- [Data records]:
----
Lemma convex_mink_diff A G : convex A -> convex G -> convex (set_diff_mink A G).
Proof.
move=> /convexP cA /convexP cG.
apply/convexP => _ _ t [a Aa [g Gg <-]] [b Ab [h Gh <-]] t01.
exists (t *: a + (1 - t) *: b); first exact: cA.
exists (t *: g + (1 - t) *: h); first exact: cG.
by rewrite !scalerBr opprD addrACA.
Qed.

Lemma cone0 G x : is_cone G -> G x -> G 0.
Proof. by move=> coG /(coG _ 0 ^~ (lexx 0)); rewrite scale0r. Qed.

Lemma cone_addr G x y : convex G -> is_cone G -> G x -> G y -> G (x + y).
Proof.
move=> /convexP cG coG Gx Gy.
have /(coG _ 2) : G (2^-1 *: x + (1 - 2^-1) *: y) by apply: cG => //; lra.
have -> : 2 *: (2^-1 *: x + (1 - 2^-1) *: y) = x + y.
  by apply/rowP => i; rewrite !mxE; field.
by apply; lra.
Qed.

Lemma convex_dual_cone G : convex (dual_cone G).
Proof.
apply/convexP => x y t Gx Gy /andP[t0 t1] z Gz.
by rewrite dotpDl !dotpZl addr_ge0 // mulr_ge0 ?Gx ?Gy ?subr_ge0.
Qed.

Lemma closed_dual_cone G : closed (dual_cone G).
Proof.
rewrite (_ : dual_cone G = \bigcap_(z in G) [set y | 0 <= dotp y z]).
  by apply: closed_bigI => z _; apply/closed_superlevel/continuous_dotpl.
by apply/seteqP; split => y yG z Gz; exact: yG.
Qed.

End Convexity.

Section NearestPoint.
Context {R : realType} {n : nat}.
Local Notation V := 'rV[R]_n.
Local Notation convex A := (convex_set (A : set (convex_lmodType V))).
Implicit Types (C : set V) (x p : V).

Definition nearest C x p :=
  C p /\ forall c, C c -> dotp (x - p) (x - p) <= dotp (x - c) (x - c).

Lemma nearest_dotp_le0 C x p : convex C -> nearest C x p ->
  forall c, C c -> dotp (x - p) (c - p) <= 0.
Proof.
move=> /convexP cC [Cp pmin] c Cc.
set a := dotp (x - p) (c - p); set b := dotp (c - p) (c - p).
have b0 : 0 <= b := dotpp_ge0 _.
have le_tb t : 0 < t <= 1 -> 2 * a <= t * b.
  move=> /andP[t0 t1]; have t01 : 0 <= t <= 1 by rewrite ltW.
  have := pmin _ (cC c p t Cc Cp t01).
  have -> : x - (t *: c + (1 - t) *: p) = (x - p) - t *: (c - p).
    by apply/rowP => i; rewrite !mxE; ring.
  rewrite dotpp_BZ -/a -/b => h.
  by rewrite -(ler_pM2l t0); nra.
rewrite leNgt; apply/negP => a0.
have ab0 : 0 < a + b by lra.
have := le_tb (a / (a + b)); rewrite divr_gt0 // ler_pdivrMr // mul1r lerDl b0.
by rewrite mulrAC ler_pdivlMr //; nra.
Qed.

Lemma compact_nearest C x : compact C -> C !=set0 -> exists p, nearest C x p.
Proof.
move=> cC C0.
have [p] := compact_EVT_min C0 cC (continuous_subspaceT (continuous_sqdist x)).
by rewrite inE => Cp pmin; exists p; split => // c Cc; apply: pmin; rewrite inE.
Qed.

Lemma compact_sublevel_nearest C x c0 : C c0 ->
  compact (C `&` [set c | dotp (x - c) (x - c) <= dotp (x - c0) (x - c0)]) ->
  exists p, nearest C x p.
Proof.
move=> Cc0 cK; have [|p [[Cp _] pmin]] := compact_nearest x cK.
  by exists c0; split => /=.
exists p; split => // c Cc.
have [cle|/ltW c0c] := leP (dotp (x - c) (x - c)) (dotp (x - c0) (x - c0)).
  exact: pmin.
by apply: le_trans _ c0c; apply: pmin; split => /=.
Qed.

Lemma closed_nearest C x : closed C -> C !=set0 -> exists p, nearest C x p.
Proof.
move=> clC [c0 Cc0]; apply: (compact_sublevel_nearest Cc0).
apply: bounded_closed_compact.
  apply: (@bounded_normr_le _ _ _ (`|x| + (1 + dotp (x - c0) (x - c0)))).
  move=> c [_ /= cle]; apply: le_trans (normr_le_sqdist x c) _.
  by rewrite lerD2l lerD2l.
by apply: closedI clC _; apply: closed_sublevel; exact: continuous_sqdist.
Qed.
----
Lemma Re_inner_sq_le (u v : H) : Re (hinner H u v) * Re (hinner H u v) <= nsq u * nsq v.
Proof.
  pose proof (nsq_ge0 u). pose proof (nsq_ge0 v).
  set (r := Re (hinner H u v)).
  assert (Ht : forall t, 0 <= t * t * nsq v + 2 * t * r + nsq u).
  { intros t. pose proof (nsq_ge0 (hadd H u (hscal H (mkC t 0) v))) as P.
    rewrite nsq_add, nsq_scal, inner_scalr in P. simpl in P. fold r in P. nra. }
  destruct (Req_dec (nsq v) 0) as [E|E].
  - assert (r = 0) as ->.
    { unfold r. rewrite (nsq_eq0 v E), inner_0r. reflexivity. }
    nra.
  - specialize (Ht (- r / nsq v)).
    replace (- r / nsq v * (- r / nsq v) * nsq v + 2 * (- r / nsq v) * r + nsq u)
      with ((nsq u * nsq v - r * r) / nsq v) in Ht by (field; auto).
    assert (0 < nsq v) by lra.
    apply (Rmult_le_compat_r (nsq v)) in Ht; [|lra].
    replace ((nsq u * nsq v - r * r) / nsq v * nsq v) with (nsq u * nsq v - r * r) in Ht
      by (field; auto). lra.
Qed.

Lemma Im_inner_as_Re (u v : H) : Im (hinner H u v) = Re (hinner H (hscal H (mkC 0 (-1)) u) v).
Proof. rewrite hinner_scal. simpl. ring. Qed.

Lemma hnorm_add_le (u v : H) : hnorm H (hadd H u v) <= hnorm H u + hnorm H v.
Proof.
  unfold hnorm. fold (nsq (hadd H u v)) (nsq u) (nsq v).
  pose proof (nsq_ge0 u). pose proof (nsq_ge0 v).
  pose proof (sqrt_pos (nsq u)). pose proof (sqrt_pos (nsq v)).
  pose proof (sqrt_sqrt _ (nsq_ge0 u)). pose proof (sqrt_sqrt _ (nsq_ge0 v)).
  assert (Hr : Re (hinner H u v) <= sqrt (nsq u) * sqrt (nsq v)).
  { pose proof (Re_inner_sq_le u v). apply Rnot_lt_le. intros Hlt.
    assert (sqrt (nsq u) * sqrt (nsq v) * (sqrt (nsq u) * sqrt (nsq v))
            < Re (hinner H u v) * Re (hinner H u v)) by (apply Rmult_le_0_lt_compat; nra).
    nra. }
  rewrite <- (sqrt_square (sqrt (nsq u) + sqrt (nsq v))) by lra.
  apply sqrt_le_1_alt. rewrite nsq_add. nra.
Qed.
----
- [Task objective]: Could you reproduce exactly the lines of the entries above, from the one with "Local Notation convex" through the one with "move=> /convexP cC [Cp pmin] c Cc.", and nothing else?

- [Written solution]:
Local Notation convex A := (convex_set (A : set (convex_lmodType V))).
Implicit Types (C : set V) (x p : V).

Definition nearest C x p :=
  C p /\ forall c, C c -> dotp (x - p) (x - p) <= dotp (x - c) (x - c).

Lemma nearest_dotp_le0 C x p : convex C -> nearest C x p ->
  forall c, C c -> dotp (x - p) (c - p) <= 0.
Proof.
move=> /convexP cC [Cp pmin] c Cc.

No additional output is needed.